- Issue created by @Harlor
- First commit to issue fork.
- 🇨🇭Switzerland berdir Switzerland
At first I thought I couldn't reproduce, because I did see some preload-path entries, for example from the frontpage.
But it does (not) happen on other most regular pages. The problem seems to be the \Drupal\Core\Routing\UrlGeneratorInterface::generateFromRoute() call that happens in \Drupal\redirect\EventSubscriber\RouteNormalizerRequestSubscriber::onKernelRequestRedirect(), this calls into \Drupal\path_alias\AliasManager::getAliasByPath before setCacheKey() is being called. Which appens from PathAliasSubscriber, a Controller event, while we current run on request.
This results in no preload happening, and $this->cacheNeedsWriting is not set to TRUE. Unlike other things, we don't update caches here, so we never set it to TRUE then afterwards.
I'm unsure if PathAliasSubscriber could run earlier, but I guess the assumption is that it doesn't have to.
So either we set the cacheKey ourself and replicate that, or we move the request normalizer event subscriber to after PathAliasSubscriber.
Looking at the events, we are currently before dynamic page cache, so we'll need to make sure this doesn't cause any weird caching issues. We do things like removing index.php from the URL, so we do need to account for that. But if it works, it would have the additional benefit of being able to cache the checks that we are doing.
- 🇨🇭Switzerland berdir Switzerland
Can't use controller event because that doesn't allow to set a response. Would need some weird trickery through a controller.
Went with explicitly setting the cache key myself. Also weird that setCacheKey() isn't actually on the interface but is documented as such.
One thing I'm wondering is how beneficial the preload path cache actually is these days, with things like render cache and dynamic page cache. I guess if you have many variations of dynamic page and render cache entries for the same URL? But if you for example have dynamic page cache variations and most things are a render cache hit, you likely load a ton of aliases that aren't actually needed? Or a different scenario, since the path alias cache is only set for 24h, you might run into a cache miss on such a partial cache hit and then only put a small amount of the paths into cache for another 24h?

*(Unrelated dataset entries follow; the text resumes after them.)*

(* Let $q=3^k$ for a positive integer $k$ and $n$ a positive integer. Let $S$ be a sequence of elements of $\mathbb{F}_q^n$ such that every subsequence $(g_1',g_2',g_3')$ of length $3$ satisfies $g_1'g_2'+g_2'g_3'+g_3'g_1'\neq 0$. Let $P:\mathbb{F}_q^n\times\mathbb{F}_q^n\times\mathbb{F}_q^n\to\mathbb{F}_q$ be $P(x,y,z)=\prod_{i=1}^{n} (1-(x_iy_i+y_iz_i+z_ix_i)^{q-1})$. Then $$|S|\leq 2(n+1)\,srk(P),$$ where the slice rank is taken for $P$ on the full domain $\mathbb{F}_q^n\times\mathbb{F}_q^n\times\mathbb{F}_q^n$.
   Context: Operations in $\mathbb{F}_q^n$ are coordinatewise. A sequence is a finite list with repetitions allowed; a subsequence of length $3$ is obtained by choosing $3$ distinct positions; $|S|$ is the length of $S$. A function $T:A^3\to\mathbb{F}$ (for a finite set $A$ and field $\mathbb{F}$) is a slice if it can be written as $T(x_1,x_2,x_3)=T_1(x_i)T_2(x_{i'},x_{i''})$ where $\{i,i',i''\}=\{1,2,3\}$, $T_1:A\to\mathbb{F}$, $T_2:A^2\to\mathbb{F}$. The slice rank $srk(T)$ is the smallest number $r$ such that $T$ is a linear combination of $r$ slices. *)

From mathcomp Require Import all_boot all_algebra all_field.
From mathcomp Require Import boolp.
Set Implicit Arguments. Unset Strict Implicit. Unset Printing Implicit Defensive.
Import GRing.Theory.
Local Open Scope ring_scope.

Definition is_slice (A : finType) (F : fieldType) (S : A -> A -> A -> F) : Prop :=
  exists (T1 : A -> F) (T2 : A -> A -> F),
    (forall x1 x2 x3, S x1 x2 x3 = T1 x1 * T2 x2 x3) \/
    (forall x1 x2 x3, S x1 x2 x3 = T1 x2 * T2 x1 x3) \/
    (forall x1 x2 x3, S x1 x2 x3 = T1 x3 * T2 x1 x2).

Definition slice_decomp (A : finType) (F : fieldType) (T : A -> A -> A -> F)
  (r : nat) : Prop :=
  exists (c : 'I_r -> F) (s : 'I_r -> A -> A -> A -> F),
    (forall j, is_slice (s j)) /\
    (forall x1 x2 x3, T x1 x2 x3 = \sum_(j < r) c j * s j x1 x2 x3).

Lemma slice_decomp_exists (A : finType) (F : fieldType) (T : A -> A -> A -> F) :
  exists r, `[< slice_decomp T r >].
Proof.
exists #|A|; apply/asboolP.
exists (fun _ => 1), (fun j x1 x2 x3 => (x1 == enum_val j)%:R * T (enum_val j) x2 x3).
split.
  move=> j; exists (fun x => (x == enum_val j)%:R), (T (enum_val j)); by left.
move=> x1 x2 x3.
rewrite -(big_enum_val (fun a => 1 * ((x1 == a)%:R * T a x2 x3))) /=.
rewrite (bigD1 x1) //= eqxx mul1r mul1r big1 ?addr0 //.
by move=> a /negbTE; rewrite eq_sym => ->; rewrite !mul0r mulr0.
Qed.
From mathcomp Require Import all_boot all_order all_algebra.
From mathcomp Require Import zify ring.
Import GRing.Theory Num.Theory.

Set Implicit Arguments. Unset Strict Implicit. Unset Printing Implicit Defensive.

(* A word b of J(n, n_i) selects n_i of the n columns; writing the columns of
   a matrix a of J(m, w_i)^(n_i) into them (zero columns elsewhere) gives an
   m x n matrix of weight n_i w_i = nw, i.e. a word of J(mn, nw).  Two such
   matrices share at most |b /\ b'| w_i ones.  Inside level i this makes the
   product of optimal codes for B(n, n_i, d) and A(m, n_i, w_i, d) a code
   (|b /\ b'| <= n_i - d when b <> b'); across levels i < j the hypothesis
   n_j <= (1 - d/nw) n_i says exactly n_j w_i <= nw - d.  The union of the l
   levels is therefore a code in J(mn, nw) of the required size. *)

Definition separated (I : finType) (d : nat) (C : {set {ffun I -> bool}}) :=
  {in C &, forall x y, x != y -> 2 * d <= hdist x y}.

Lemma hdistC (I : finType) (x y : {ffun I -> bool}) : hdist x y = hdist y x.
Proof. by apply: eq_card => i; rewrite !inE eq_sym. Qed.

Lemma hdistxx (I : finType) (x : {ffun I -> bool}) : hdist x x = 0.
Proof. by apply: eq_card0 => i; rewrite !inE eqxx. Qed.

Lemma card_set_indicator (T : finType) (p : pred T) :
  #|[set x | p x]| = \sum_x p x.
Proof. by rewrite -sum1dep_card big_mkcond; apply: eq_bigr => x _; case: (p x). Qed.

Lemma hdist_hwt (I : finType) (x y : {ffun I -> bool}) :
  hdist x y + 2 * #|[set i | x i && y i]| = hwt x + hwt y.
Proof.
rewrite /hdist /hwt !card_set_indicator big_distrr -!big_split /=.
by apply: eq_bigr => i _; case: (x i); case: (y i).
Qed.

Lemma card_set_cols (I J : finType) (p : pred (I * J)) :
  #|[set q | p q]| = \sum_(j : J) #|[set i | p (i, j)]|.
Proof.
rewrite card_set_indicator (eq_bigr (fun j => \sum_i (p (i, j) : nat))); last first.
  by move=> j _; rewrite card_set_indicator.
by rewrite exchange_big pair_big; apply: eq_bigr => -[].
Qed.

Lemma hwt_inJn m N W (a : {ffun 'I_m * 'I_N -> bool}) : inJn W a -> hwt a = N * W.
Proof.
move=> /forallP colW; rewrite /hwt card_set_cols (eq_bigr (fun=> W)).
  by rewrite sum_nat_const card_ord.
by move=> j _; apply/eqP/colW.
Qed.

Lemma card_meet_le_cols (R K : finType) (X Y : {ffun R * K -> bool})
    (bX bY : pred K) W :
  (forall r c, X (r, c) -> bX c) -> (forall r c, Y (r, c) -> bY c) ->
  (forall c, #|[set r | X (r, c)]| <= W) ->
  #|[set p | X p && Y p]| <= #|[set c | bX c && bY c]| * W.
Proof.
move=> suppX suppY colX; rewrite card_set_cols card_set_indicator big_distrl /=.
apply: leq_sum => c _; case: (boolP (bX c && bY c)) => [_|notXY].
  rewrite mul1n (leq_trans _ (colX c)) // subset_leq_card //.
  by apply/subsetP => r; rewrite !inE => /andP[].
rewrite mul0n leqn0 cards_eq0; apply/eqP/setP => r; rewrite !inE.
by apply: contraNF notXY => /andP[/suppX -> /suppY ->].
Qed.

Lemma card_imset_separated (T I : finType) (f : T -> {ffun I -> bool})
    (S : {set T}) d :
  0 < d -> {in S &, forall p q, p != q -> 2 * d <= hdist (f p) (f q)} ->
  #|f @: S| = #|S|.
Proof.
move=> d_gt0 f_sep; apply: card_in_imset => p q pS qS fpq; apply/eqP/negPn/negP.
by move=> /(f_sep _ _ pS qS); rewrite fpq hdistxx; lia.
Qed.

Lemma le_maxcode (I : finType) (P : pred {ffun I -> bool}) d
    (C : {set {ffun I -> bool}}) :
  {in C, forall x, P x} -> separated d C -> #|C| <= maxcode P d.
Proof.
move=> C_in C_sep; have [->|C_n0] := eqVneq C set0; first by rewrite cards0.
apply: leq_bigmax_cond; apply/and3P; split=> //.
  by apply/forallP => x; apply/implyP/C_in.
apply/forallP => x; apply/implyP => xC; apply/forallP => y; apply/implyP => yC.
by apply/implyP/C_sep.
Qed.

Lemma maxcode_witness (I : finType) (P : pred {ffun I -> bool}) d :
  exists C : {set {ffun I -> bool}},
    [/\ #|C| = maxcode P d, {in C, forall x, P x} & separated d C].
Proof.
have [C0 C0_code|no_code] := pickP (is_code P d); last first.
  by exists set0; split=> [|x|x]; rewrite ?inE // cards0 /maxcode big_pred0.
have some_code : 0 < #|is_code P d| by apply/card_gt0P; exists C0.
have [C C_code C_max] :=
  eq_bigmax_cond (fun C : {set {ffun I -> bool}} => #|C|) some_code.
case/and3P: C_code => _ /forallP C_in /forallP C_sep; exists C; split.
- exact: esym C_max.
- by move=> x; move/implyP: (C_in x).
- move=> x y xC yC; move/implyP: (C_sep x) => /(_ xC) /forallP /(_ y) /implyP.
  by move=> /(_ yC) /implyP.
Qed.

Lemma le_Bcode (I : finType) N W d (C : {set {ffun I -> bool}}) :
  #|I| = N -> {in C, forall x, hwt x = W} -> separated d C ->
  #|C| <= Bcode N W d.
Proof.
move=> card_I C_wt C_sep.
pose phi (k : 'I_N) : I := enum_val (cast_ord (esym card_I) k).
have phi_bij : bijective phi.
  exists (fun i => cast_ord card_I (enum_rank i)) => k; rewrite /phi.
    by rewrite enum_valK cast_ordKV.
  by rewrite cast_ordK enum_rankK.
pose relabel (x : {ffun I -> bool}) : {ffun 'I_N -> bool} := [ffun k => x (phi k)].
have card_relabel (p : pred I) : #|[set k | p (phi k)]| = #|[set i | p i]|.
  rewrite -[RHS](on_card_preimset (onW_bij _ phi_bij)).
  by apply: eq_card => k; rewrite !inE.
have hwt_relabel x : hwt (relabel x) = hwt x.
  by rewrite /hwt -card_relabel; apply: eq_card => k; rewrite !inE ffunE.
have hdist_relabel x y : hdist (relabel x) (relabel y) = hdist x y.
  by rewrite /hdist -card_relabel; apply: eq_card => k; rewrite !inE !ffunE.
have relabel_inj : injective relabel.
  move=> x y /ffunP xy; apply/ffunP => i; have [psi _ phiK] := phi_bij.
  by move: (xy (psi i)); rewrite !ffunE phiK.
rewrite -(card_imset _ relabel_inj); apply: le_maxcode.
  by move=> _ /imsetP[x xC ->]; rewrite /inJ hwt_relabel C_wt.
move=> _ _ /imsetP[x xC ->] /imsetP[y yC ->] xy.
by rewrite hdist_relabel; apply: C_sep => //; apply: contraNneq xy => ->.
Qed.

Section Spread.
Variables (R J K : finType) (g : J -> K).
Hypothesis g_inj : injective g.

Definition spread (a : {ffun R * J -> bool}) : {ffun R * K -> bool} :=
  [ffun p => [exists k, (g k == p.2) && a (p.1, k)]].

Lemma spread_image a r k : spread a (r, g k) = a (r, k).
Proof.
rewrite ffunE; apply/existsP/idP => [[k' /andP[/eqP/g_inj -> //]]|akr].
by exists k; rewrite eqxx.
Qed.

Lemma spread_codom a r c : spread a (r, c) -> c \in codom g.
Proof. by rewrite ffunE => /existsP[k /andP[/eqP /= <- _]]; apply: codom_f. Qed.

Lemma spread_set (f : bool -> bool -> bool) a a' : f false false = false ->
  [set p | f (spread a p) (spread a' p)] =
  (fun q => (q.1, g q.2)) @: [set q | f (a q) (a' q)].
Proof.
move=> f00; have lift_inj : injective (fun q : R * J => (q.1, g q.2)).
  by move=> [r k] [r' k'] [-> /g_inj ->].
apply/setP => -[r c]; rewrite inE.
have [/codomP[k ->]|c_out] := boolP (c \in codom g).
  rewrite !spread_image -[(r, g k)]/((fun q : R * J => (q.1, g q.2)) (r, k)).
  by rewrite mem_imset // inE.
have outside x : spread x (r, c) = false.
  by apply: contraNF c_out; apply: spread_codom.
rewrite !outside f00; apply/esym/negbTE/imsetP.
move=> [[r' k] _ /(congr1 snd) /= gk].
by rewrite gk codom_f in c_out.
Qed.

Lemma hwt_spread a : hwt (spread a) = hwt a.
Proof.
rewrite /hwt (@spread_set (fun x _ => x) a a) // card_imset //.
by move=> [r k] [r' k'] [-> /g_inj ->].
Qed.

Lemma hdist_spread a a' : hdist (spread a) (spread a') = hdist a a'.
Proof.
rewrite /hdist (@spread_set (fun x y => x != y) a a') // card_imset //.
by move=> [r k] [r' k'] [-> /g_inj ->].
Qed.

End Spread.

Section SupportEnum.
Variables (K : finType) (c0 : K) (N : nat) (b : {ffun K -> bool}).
Hypothesis hwt_b : hwt b = N.

Definition support_enum (k : 'I_N) : K := nth c0 (enum [set c | b c]) k.

Lemma size_enum_support : size (enum [set c | b c]) = N.
Proof. by rewrite -cardE. Qed.

Lemma support_enum_inj : injective support_enum.
Proof.
move=> k k' /eqP; rewrite nth_uniq ?size_enum_support ?enum_uniq //.
by move/eqP/val_inj.
Qed.

Lemma codom_support_enum c : (c \in codom support_enum) = b c.
Proof.
apply/codomP/idP => [[k ->]|bc].
  by rewrite -[b _]inE -mem_enum mem_nth ?size_enum_support.
have c_in : c \in enum [set c | b c] by rewrite mem_enum inE.
have k_lt : index c (enum [set c | b c]) < N by rewrite -size_enum_support index_mem.
by exists (Ordinal k_lt); rewrite /support_enum nth_index.
Qed.

End SupportEnum.

Section Embedding.
Variables (m n : nat) (c0 : 'I_n).

Definition embed N (b : {ffun 'I_n -> bool}) (a : {ffun 'I_m * 'I_N -> bool}) :=
  spread (support_enum c0 b) a.

Variables (N W : nat) (b : {ffun 'I_n -> bool}) (a : {ffun 'I_m * 'I_N -> bool}).
Hypotheses (hwt_b : hwt b = N) (a_in : inJn W a).

Lemma hwt_embed : hwt (embed b a) = N * W.
Proof. by rewrite hwt_spread ?(hwt_inJn a_in) //; apply: support_enum_inj hwt_b. Qed.

Lemma embed_support r c : embed b a (r, c) -> b c.
Proof. by rewrite -(codom_support_enum c0 hwt_b); apply: spread_codom. Qed.

Lemma embed_col_le c : #|[set r | embed b a (r, c)]| <= W.
Proof.
have [bc|nbc] := boolP (b c); last first.
  suff -> : [set r | embed b a (r, c)] = set0 by rewrite cards0.
  by apply/setP => r; rewrite !inE; apply: contraNF nbc; apply: embed_support.
move: bc; rewrite -(codom_support_enum c0 hwt_b) => /codomP[k ->].
move/forallP: a_in => /(_ k) /eqP <-; apply/eq_leq/eq_card => r.
by rewrite !inE spread_image //; apply: support_enum_inj hwt_b.
Qed.

End Embedding.

Lemma embed_dist_ge m n (c0 : 'I_n) N1 W1 N2 W2 T d
    (b1 b2 : {ffun 'I_n -> bool})
    (a1 : {ffun 'I_m * 'I_N1 -> bool}) (a2 : {ffun 'I_m * 'I_N2 -> bool}) :
  N1 * W1 = T -> N2 * W2 = T -> hwt b1 = N1 -> hwt b2 = N2 ->
  inJn W1 a1 -> inJn W2 a2 ->
  #|[set c | b1 c && b2 c]| * W1 + d <= T ->
  2 * d <= hdist (embed c0 b1 a1) (embed c0 b2 a2).
Proof.
move=> NW1 NW2 hwt_b1 hwt_b2 a1_in a2_in meet_le.
have := hdist_hwt (embed c0 b1 a1) (embed c0 b2 a2).
rewrite (hwt_embed c0 hwt_b1 a1_in) (hwt_embed c0 hwt_b2 a2_in) NW1 NW2.
have := card_meet_le_cols (embed_support (c0 := c0) hwt_b1)
  (embed_support (c0 := c0) (a := a2) hwt_b2) (embed_col_le c0 hwt_b1 a1_in).
set meet := #|[set p | embed c0 b1 a1 p && embed c0 b2 a2 p]|.
lia.
Qed.

Section Levels.
Variables (m n l T d : nat) (c0 : 'I_n) (N W : nat -> nat).
Hypotheses (d_gt0 : 0 < d) (NW_T : forall i : 'I_l, N i * W i = T)
  (W_gt0 : forall i : 'I_l, 0 < W i)
  (levels_gap : forall i j : 'I_l, i < j -> N j * W i + d <= T).
Variables (CB : 'I_l -> {set {ffun 'I_n -> bool}})
  (CA : forall i : 'I_l, {set {ffun 'I_m * 'I_(N i) -> bool}}).
Hypotheses (CB_wt : forall i, {in CB i, forall b, hwt b = N i})
  (CB_sep : forall i, separated d (CB i))
  (CA_in : forall i, {in CA i, forall a, inJn (W i) a})
  (CA_sep : forall i, separated d (CA i)).

Definition level i := [set embed c0 p.1 p.2 | p in setX (CB i) (CA i)].

Lemma embed_level_separated i :
  {in setX (CB i) (CA i) &, forall p q, p != q ->
    2 * d <= hdist (embed c0 p.1 p.2) (embed c0 q.1 q.2)}.
Proof.
move=> [b a] [b' a'] /setXP[bB aA] /setXP[b'B a'A] /= pq.
have [eq_bb'|neq_bb'] := eqVneq b b'.
  rewrite -eq_bb' /embed hdist_spread; last exact: support_enum_inj (CB_wt bB).
  by apply: CA_sep => //; apply: contraNneq pq => ->; rewrite eq_bb'.
apply: embed_dist_ge (NW_T i) (NW_T i) (CB_wt bB) (CB_wt b'B) (CA_in aA)
  (CA_in a'A) _.
have := hdist_hwt b b'; rewrite (CB_wt bB) (CB_wt b'B).
set meet := #|[set c | b c && b' c]| => dist_b.
have meet_le : meet + d <= N i by have := CB_sep bB b'B neq_bb'; lia.
rewrite -(NW_T i) (leq_trans _ (leq_mul meet_le (leqnn (W i)))) // mulnDl leq_add2l.
exact: leq_pmulr (W_gt0 i).
Qed.

Lemma card_level i : #|level i| = #|CB i| * #|CA i|.
Proof. by rewrite (card_imset_separated d_gt0 (@embed_level_separated i)) cardsX. Qed.

Lemma levels_far (i j : 'I_l) x y : i < j -> x \in level i -> y \in level j ->
  2 * d <= hdist x y.
Proof.
move=> lt_ij /imsetP[[b a] /setXP[bB aA] ->] /imsetP[[b' a'] /setXP[b'B a'A] ->].
apply: embed_dist_ge (NW_T i) (NW_T j) (CB_wt bB) (CB_wt b'B) (CA_in aA)
  (CA_in a'A) _.
apply: leq_trans (levels_gap lt_ij); rewrite leq_add2r leq_mul2r -(CB_wt b'B).
by rewrite subset_leq_card ?orbT //; apply/subsetP => c; rewrite !inE => /andP[].
Qed.

Lemma card_levels : #|\bigcup_i level i| = \sum_i #|CB i| * #|CA i|.
Proof.
rewrite -sum1_card partition_disjoint_bigcup => [|i j neq_ij].
  by apply: eq_bigr => i _; rewrite sum1_card card_level.
rewrite -setI_eq0; apply/set0Pn => -[x /setIP[xi xj]].
have := hdistxx x; case: (ltngtP i j) => [lt_ij|lt_ji|/val_inj eq_ij].
- by have := levels_far lt_ij xi xj; lia.
- by have := levels_far lt_ji xj xi; lia.
- by rewrite eq_ij eqxx in neq_ij.
Qed.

Seems like something that might vary depending on the site and can probably only be answered with database query monitoring on a production environment before/after this change. To see how much it reduces path alias lookups vs. the cost of cache lookup and the preload query.
Pushed a MR, mostly untested and tests will need to be adjusted.
- 🇬🇧United Kingdom catch
One thing I'm wondering is how beneficial the preload path cache actually is these days, with things like render cache and dynamic page cache. I guess if you have many variations of dynamic page and render cache entries for the same URL? But if you for example have dynamic page cache variations and most things are a render cache hit, you likely load a ton of aliases that aren't actually needed? Or a different scenario, since the path alias cache is only set for 24h, you might run into a cache miss on such a partial cache hit and then only put a small amount of the paths into cache for another 24h?
The preload cache item is only loaded when a path is requested (in PathAliasManager::getAliasByPath()), so if you have a dynamic page cache hit and there are no paths to render, it won't be loaded at all. Obviously this ceases to be the case as soon as one alias gets requested.
It's definitely less useful with render caching but not sure we're there yet. The extreme case would be a similar case to d.o issues where you have a lot of updates to the same content like an issue - then the preload cache item will last across multiple render cache clears. On a site where it's going to be all dynamic page cache hits for 24 hours, then it's not adding anything extra.
- 🇨🇭Switzerland berdir Switzerland
Tested this a bit. In my case, with all render caching disabled, this replaces 15 alias lookup queries with the preload query (+ cache get). How often that happens like that is hard to say, but it's true that render cache can have quite a few variations, e.g. different permissions, languages and so on.
Updated unit tests, but since this was conditional, no existing tests failed on this, now the expected call is defined.
- 🇬🇧United Kingdom catch
Opened 📌 Try to replace path alias preloading with lazy generation Active based on this discussion - might be away to keep the benefits of the preloading without the actual caching.
- 🇨🇭Switzerland berdir Switzerland
Decided to merge this. The fix is a bit ugly, but costs us little and it should save a decent amount of queries in many cases. It's not up to redirect.module to decide whether or not this feature is beneficial. At worst it will need to be adjusted in the future if core decide to change how it works.
Automatically closed - issue fixed for 2 weeks with no activity.